Working from the records below, repeat exactly the lines starting at the line that contains "Proof. by rewrite !(polyCD, polyCM);" and ending at the line that contains "have -> : a^-1 * b^-1 *", inclusive.

'''

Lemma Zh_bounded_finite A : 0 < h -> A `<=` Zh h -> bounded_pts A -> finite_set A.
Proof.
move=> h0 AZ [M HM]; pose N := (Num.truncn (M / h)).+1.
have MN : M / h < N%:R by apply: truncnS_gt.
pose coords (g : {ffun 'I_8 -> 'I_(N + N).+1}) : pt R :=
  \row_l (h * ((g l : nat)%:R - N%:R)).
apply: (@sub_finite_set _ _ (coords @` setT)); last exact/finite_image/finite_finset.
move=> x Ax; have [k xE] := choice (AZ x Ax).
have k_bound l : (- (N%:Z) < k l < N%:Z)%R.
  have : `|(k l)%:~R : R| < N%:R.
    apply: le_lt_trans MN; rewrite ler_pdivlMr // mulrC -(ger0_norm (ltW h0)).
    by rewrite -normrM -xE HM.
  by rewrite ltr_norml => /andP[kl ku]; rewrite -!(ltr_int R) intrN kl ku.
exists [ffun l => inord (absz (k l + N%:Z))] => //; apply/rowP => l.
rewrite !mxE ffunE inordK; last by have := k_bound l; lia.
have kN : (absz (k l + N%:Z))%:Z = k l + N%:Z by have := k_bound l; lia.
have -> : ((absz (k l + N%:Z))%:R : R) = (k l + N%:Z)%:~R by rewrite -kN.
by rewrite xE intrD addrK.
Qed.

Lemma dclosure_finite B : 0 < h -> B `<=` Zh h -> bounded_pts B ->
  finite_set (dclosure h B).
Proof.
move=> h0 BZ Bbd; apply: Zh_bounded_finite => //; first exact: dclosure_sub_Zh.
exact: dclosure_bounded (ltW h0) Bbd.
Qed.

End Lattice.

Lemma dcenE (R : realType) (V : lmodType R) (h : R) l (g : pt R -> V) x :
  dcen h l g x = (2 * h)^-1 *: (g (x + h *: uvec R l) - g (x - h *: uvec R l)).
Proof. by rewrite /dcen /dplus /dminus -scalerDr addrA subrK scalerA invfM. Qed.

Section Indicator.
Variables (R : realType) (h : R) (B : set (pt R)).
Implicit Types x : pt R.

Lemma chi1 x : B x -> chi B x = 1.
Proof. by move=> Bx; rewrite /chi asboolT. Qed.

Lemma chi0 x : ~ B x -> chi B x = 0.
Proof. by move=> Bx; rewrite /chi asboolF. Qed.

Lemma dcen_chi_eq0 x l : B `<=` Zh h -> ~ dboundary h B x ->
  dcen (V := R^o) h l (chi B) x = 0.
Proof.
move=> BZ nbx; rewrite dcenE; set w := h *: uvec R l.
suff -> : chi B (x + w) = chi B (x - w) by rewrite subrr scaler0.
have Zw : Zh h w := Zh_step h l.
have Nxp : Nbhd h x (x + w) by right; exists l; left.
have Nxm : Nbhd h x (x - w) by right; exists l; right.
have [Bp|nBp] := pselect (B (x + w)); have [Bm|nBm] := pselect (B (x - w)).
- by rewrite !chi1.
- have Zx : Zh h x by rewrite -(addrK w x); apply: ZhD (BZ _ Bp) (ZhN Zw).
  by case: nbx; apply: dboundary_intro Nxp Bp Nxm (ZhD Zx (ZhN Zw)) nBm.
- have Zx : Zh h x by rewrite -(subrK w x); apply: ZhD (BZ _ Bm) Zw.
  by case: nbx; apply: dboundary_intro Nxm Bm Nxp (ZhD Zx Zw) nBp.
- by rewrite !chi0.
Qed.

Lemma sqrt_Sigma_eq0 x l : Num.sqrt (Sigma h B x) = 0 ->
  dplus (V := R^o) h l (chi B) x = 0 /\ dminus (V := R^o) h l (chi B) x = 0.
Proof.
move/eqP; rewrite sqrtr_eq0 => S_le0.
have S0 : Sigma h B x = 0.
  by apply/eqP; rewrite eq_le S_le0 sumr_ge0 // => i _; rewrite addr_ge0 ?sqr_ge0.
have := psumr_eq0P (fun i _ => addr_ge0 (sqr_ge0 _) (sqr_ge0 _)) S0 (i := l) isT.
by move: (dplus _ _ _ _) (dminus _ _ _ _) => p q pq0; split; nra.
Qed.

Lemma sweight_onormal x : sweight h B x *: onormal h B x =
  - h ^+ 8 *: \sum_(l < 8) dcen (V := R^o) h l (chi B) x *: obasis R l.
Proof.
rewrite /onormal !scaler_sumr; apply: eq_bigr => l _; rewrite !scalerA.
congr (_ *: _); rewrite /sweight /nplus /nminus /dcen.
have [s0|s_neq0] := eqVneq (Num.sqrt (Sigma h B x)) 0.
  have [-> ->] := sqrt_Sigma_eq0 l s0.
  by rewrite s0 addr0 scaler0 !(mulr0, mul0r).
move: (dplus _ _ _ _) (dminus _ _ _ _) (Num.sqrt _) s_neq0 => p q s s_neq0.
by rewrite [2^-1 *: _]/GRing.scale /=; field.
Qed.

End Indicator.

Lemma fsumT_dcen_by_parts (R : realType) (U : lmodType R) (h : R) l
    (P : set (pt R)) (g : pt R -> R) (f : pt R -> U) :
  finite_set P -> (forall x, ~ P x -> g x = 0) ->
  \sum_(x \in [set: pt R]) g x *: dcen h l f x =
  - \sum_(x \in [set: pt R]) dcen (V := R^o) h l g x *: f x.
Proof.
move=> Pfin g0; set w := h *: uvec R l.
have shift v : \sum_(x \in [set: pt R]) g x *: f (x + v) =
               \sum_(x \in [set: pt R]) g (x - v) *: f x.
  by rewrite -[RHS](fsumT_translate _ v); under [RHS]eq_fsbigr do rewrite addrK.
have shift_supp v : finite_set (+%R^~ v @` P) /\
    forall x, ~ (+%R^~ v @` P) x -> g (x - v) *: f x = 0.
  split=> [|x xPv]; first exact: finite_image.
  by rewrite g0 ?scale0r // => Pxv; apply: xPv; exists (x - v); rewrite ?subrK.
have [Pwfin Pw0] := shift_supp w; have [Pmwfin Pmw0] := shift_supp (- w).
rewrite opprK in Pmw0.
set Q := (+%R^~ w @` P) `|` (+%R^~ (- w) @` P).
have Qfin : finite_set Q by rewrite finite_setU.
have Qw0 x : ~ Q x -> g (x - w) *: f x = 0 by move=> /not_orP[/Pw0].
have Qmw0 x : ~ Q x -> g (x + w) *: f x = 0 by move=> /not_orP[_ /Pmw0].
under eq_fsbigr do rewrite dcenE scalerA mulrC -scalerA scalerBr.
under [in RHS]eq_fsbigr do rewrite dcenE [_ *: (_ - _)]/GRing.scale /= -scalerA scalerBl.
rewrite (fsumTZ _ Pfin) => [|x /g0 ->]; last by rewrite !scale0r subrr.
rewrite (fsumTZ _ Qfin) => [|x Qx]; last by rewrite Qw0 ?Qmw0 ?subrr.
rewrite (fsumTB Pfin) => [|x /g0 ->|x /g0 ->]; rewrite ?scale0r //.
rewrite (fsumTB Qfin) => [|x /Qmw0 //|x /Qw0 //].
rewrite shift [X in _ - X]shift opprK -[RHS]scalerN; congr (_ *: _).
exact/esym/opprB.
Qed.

'''
'''

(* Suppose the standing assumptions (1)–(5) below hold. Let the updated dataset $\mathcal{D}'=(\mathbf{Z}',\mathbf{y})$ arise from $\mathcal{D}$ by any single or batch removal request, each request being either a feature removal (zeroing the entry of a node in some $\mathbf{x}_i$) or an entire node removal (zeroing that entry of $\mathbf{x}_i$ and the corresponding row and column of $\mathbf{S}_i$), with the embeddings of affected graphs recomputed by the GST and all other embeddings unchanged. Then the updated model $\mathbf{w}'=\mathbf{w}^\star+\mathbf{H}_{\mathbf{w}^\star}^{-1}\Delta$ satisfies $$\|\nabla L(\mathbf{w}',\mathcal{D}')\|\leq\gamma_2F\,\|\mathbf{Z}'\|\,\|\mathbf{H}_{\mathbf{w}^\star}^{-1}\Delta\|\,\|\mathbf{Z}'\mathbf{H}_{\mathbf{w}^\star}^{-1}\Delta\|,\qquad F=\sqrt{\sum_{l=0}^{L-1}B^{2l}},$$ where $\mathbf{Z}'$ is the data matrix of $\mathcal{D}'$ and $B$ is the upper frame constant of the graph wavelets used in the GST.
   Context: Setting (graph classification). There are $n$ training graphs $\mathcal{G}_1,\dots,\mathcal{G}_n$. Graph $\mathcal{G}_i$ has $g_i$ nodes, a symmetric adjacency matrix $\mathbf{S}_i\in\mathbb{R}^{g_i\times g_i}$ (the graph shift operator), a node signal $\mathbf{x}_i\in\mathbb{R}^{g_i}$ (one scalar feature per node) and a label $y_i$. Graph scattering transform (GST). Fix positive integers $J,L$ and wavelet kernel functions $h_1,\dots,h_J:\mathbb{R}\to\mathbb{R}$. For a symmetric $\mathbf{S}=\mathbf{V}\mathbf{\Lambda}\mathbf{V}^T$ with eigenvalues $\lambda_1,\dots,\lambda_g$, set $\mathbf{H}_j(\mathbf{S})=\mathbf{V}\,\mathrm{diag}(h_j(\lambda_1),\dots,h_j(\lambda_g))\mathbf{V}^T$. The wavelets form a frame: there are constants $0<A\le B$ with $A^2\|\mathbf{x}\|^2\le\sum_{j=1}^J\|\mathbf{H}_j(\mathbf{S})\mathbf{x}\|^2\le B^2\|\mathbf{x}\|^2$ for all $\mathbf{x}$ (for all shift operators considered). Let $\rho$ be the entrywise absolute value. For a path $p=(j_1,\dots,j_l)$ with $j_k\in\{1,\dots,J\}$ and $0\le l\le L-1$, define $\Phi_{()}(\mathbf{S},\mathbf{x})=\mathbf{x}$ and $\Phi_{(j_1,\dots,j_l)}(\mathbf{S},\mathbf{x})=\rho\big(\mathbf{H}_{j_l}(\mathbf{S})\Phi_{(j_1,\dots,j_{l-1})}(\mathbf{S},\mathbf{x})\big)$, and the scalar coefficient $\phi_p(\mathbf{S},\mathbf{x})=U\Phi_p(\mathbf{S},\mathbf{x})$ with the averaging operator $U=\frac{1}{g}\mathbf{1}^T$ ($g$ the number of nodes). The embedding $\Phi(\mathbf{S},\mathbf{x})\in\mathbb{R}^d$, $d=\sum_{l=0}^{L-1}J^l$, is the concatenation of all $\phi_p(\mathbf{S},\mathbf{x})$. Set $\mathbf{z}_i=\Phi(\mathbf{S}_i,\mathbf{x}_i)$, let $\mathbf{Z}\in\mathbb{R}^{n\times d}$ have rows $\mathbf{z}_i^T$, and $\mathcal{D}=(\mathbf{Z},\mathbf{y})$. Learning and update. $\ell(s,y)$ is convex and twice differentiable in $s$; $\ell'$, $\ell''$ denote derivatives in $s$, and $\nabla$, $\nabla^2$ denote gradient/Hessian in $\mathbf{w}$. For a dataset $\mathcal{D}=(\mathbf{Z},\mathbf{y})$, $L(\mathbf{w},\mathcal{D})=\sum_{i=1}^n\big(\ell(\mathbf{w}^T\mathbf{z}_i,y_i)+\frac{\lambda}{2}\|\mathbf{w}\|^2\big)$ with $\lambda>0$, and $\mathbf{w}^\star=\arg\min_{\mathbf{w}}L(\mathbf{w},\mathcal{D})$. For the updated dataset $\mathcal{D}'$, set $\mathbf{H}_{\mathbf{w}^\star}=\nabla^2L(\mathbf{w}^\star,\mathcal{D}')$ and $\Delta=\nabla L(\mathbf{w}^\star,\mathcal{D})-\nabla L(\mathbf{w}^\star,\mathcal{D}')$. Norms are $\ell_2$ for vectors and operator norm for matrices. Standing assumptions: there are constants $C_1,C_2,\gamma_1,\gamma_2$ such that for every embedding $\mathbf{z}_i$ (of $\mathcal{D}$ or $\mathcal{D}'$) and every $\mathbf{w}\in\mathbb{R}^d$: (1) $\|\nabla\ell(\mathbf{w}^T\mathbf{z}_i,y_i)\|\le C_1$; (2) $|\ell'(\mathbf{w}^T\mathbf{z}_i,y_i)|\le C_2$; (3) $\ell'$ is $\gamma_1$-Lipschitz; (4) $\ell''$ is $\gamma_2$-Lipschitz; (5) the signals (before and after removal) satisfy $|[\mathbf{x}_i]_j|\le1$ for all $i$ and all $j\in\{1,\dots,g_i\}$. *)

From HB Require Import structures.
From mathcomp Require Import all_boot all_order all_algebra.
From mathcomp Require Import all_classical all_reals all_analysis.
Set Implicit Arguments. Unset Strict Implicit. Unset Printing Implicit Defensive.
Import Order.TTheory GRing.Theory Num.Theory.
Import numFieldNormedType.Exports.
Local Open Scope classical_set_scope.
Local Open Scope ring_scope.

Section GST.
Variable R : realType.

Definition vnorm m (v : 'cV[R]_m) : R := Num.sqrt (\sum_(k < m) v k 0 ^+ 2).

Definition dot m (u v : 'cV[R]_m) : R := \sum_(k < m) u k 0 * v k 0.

'''
'''

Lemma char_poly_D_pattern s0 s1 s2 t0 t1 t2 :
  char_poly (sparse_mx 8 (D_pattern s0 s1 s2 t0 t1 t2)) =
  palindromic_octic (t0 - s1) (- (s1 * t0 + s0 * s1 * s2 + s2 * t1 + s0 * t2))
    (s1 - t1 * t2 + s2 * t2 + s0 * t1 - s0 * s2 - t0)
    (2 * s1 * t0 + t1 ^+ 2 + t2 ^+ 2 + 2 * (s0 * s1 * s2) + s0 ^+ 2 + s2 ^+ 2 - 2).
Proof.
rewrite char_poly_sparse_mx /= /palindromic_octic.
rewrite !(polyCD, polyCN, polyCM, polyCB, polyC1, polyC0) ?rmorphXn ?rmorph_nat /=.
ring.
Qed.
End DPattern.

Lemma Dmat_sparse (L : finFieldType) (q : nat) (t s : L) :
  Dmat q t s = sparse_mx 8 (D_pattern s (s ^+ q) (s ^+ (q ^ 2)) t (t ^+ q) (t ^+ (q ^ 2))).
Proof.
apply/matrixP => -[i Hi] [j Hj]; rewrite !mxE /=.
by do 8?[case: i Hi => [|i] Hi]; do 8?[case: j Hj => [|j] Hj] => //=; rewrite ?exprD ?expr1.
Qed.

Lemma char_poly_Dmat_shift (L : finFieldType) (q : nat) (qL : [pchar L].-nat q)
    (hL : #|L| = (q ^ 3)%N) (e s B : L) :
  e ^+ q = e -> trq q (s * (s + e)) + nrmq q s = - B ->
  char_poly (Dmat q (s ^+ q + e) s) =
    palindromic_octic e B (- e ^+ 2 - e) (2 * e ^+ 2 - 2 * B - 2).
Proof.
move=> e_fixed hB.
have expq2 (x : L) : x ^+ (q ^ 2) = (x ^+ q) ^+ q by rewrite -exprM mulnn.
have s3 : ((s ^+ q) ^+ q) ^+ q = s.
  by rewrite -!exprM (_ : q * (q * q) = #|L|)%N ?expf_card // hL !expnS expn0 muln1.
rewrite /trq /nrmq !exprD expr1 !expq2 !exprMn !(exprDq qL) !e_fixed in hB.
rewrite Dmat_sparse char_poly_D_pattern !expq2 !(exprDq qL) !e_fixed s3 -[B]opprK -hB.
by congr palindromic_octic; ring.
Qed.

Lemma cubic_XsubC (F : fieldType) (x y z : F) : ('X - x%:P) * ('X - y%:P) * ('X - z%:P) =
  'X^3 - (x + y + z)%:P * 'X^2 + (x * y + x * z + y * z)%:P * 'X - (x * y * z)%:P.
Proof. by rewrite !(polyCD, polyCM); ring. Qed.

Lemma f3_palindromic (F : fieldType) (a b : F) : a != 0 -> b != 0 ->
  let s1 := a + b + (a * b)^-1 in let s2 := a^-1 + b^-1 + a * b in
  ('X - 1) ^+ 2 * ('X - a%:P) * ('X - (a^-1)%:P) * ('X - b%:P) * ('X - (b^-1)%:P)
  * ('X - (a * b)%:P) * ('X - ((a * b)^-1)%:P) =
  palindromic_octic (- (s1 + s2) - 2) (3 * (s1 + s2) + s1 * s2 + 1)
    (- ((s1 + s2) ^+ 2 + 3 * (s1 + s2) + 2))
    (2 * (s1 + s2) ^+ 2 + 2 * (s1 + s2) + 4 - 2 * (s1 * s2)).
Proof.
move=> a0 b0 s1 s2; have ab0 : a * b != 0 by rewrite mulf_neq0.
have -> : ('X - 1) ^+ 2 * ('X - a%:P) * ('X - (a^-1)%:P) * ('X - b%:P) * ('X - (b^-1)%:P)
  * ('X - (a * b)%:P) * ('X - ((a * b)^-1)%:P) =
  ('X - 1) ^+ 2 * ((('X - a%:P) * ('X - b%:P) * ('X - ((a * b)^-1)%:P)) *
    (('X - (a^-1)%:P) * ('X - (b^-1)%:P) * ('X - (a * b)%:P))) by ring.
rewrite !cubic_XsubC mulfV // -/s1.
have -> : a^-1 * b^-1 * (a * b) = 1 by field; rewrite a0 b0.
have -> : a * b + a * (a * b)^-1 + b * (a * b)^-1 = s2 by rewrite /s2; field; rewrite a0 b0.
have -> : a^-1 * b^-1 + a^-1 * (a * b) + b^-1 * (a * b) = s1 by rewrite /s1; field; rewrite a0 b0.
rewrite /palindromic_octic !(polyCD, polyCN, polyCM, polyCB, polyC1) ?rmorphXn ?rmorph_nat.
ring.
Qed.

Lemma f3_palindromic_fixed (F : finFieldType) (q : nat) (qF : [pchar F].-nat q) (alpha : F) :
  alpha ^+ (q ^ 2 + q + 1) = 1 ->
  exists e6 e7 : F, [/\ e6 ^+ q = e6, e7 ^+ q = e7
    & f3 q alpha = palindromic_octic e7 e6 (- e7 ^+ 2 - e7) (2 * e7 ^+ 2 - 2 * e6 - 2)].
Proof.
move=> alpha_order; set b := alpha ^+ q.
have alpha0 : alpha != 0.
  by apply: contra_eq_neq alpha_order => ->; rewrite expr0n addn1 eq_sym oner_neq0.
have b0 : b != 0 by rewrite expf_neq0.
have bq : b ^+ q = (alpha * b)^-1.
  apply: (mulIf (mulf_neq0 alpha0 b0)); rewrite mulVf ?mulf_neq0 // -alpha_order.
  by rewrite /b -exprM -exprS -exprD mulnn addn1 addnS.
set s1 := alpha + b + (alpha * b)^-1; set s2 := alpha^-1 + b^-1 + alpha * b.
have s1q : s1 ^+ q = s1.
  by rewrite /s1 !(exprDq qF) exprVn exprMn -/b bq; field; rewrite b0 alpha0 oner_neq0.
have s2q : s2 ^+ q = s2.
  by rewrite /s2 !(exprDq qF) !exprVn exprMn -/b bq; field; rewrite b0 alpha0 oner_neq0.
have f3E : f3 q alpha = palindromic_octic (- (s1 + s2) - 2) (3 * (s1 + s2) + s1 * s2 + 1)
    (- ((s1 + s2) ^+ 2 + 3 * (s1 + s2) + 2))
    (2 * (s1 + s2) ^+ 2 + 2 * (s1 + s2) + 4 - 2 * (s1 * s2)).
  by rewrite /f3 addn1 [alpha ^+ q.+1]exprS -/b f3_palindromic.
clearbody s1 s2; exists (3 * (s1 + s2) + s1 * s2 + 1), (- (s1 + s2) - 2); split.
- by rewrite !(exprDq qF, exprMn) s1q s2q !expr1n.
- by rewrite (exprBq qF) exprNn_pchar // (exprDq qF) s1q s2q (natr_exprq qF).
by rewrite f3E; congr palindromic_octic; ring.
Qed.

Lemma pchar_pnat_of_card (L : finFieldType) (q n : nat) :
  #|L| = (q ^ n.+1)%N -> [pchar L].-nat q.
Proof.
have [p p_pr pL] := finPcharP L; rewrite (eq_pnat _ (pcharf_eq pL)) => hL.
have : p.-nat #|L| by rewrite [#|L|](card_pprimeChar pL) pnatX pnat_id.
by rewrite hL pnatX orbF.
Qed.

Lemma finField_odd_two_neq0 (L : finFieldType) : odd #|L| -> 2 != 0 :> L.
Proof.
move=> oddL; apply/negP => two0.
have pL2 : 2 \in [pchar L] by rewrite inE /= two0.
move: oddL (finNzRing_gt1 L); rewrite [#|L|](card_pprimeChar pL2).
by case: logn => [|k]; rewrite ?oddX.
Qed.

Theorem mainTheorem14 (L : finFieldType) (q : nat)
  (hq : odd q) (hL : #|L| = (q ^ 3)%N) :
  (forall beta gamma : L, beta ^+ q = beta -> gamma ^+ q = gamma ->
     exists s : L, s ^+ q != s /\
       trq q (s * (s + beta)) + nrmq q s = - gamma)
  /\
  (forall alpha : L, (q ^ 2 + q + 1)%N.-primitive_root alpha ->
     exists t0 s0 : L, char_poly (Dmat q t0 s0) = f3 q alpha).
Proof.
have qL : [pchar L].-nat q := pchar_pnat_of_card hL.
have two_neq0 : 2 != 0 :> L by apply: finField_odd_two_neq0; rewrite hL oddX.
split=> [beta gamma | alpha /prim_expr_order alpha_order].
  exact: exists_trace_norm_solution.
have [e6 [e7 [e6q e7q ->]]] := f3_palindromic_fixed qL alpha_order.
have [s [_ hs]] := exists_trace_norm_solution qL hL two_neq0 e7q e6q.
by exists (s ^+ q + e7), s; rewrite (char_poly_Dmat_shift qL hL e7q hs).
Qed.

'''

§ COMPLETED EXERCISE:
Proof. by rewrite !(polyCD, polyCM); ring. Qed.

Lemma f3_palindromic (F : fieldType) (a b : F) : a != 0 -> b != 0 ->
  let s1 := a + b + (a * b)^-1 in let s2 := a^-1 + b^-1 + a * b in
  ('X - 1) ^+ 2 * ('X - a%:P) * ('X - (a^-1)%:P) * ('X - b%:P) * ('X - (b^-1)%:P)
  * ('X - (a * b)%:P) * ('X - ((a * b)^-1)%:P) =
  palindromic_octic (- (s1 + s2) - 2) (3 * (s1 + s2) + s1 * s2 + 1)
    (- ((s1 + s2) ^+ 2 + 3 * (s1 + s2) + 2))
    (2 * (s1 + s2) ^+ 2 + 2 * (s1 + s2) + 4 - 2 * (s1 * s2)).
Proof.
move=> a0 b0 s1 s2; have ab0 : a * b != 0 by rewrite mulf_neq0.
have -> : ('X - 1) ^+ 2 * ('X - a%:P) * ('X - (a^-1)%:P) * ('X - b%:P) * ('X - (b^-1)%:P)
  * ('X - (a * b)%:P) * ('X - ((a * b)^-1)%:P) =
  ('X - 1) ^+ 2 * ((('X - a%:P) * ('X - b%:P) * ('X - ((a * b)^-1)%:P)) *
    (('X - (a^-1)%:P) * ('X - (b^-1)%:P) * ('X - (a * b)%:P))) by ring.
rewrite !cubic_XsubC mulfV // -/s1.
have -> : a^-1 * b^-1 * (a * b) = 1 by field; rewrite a0 b0.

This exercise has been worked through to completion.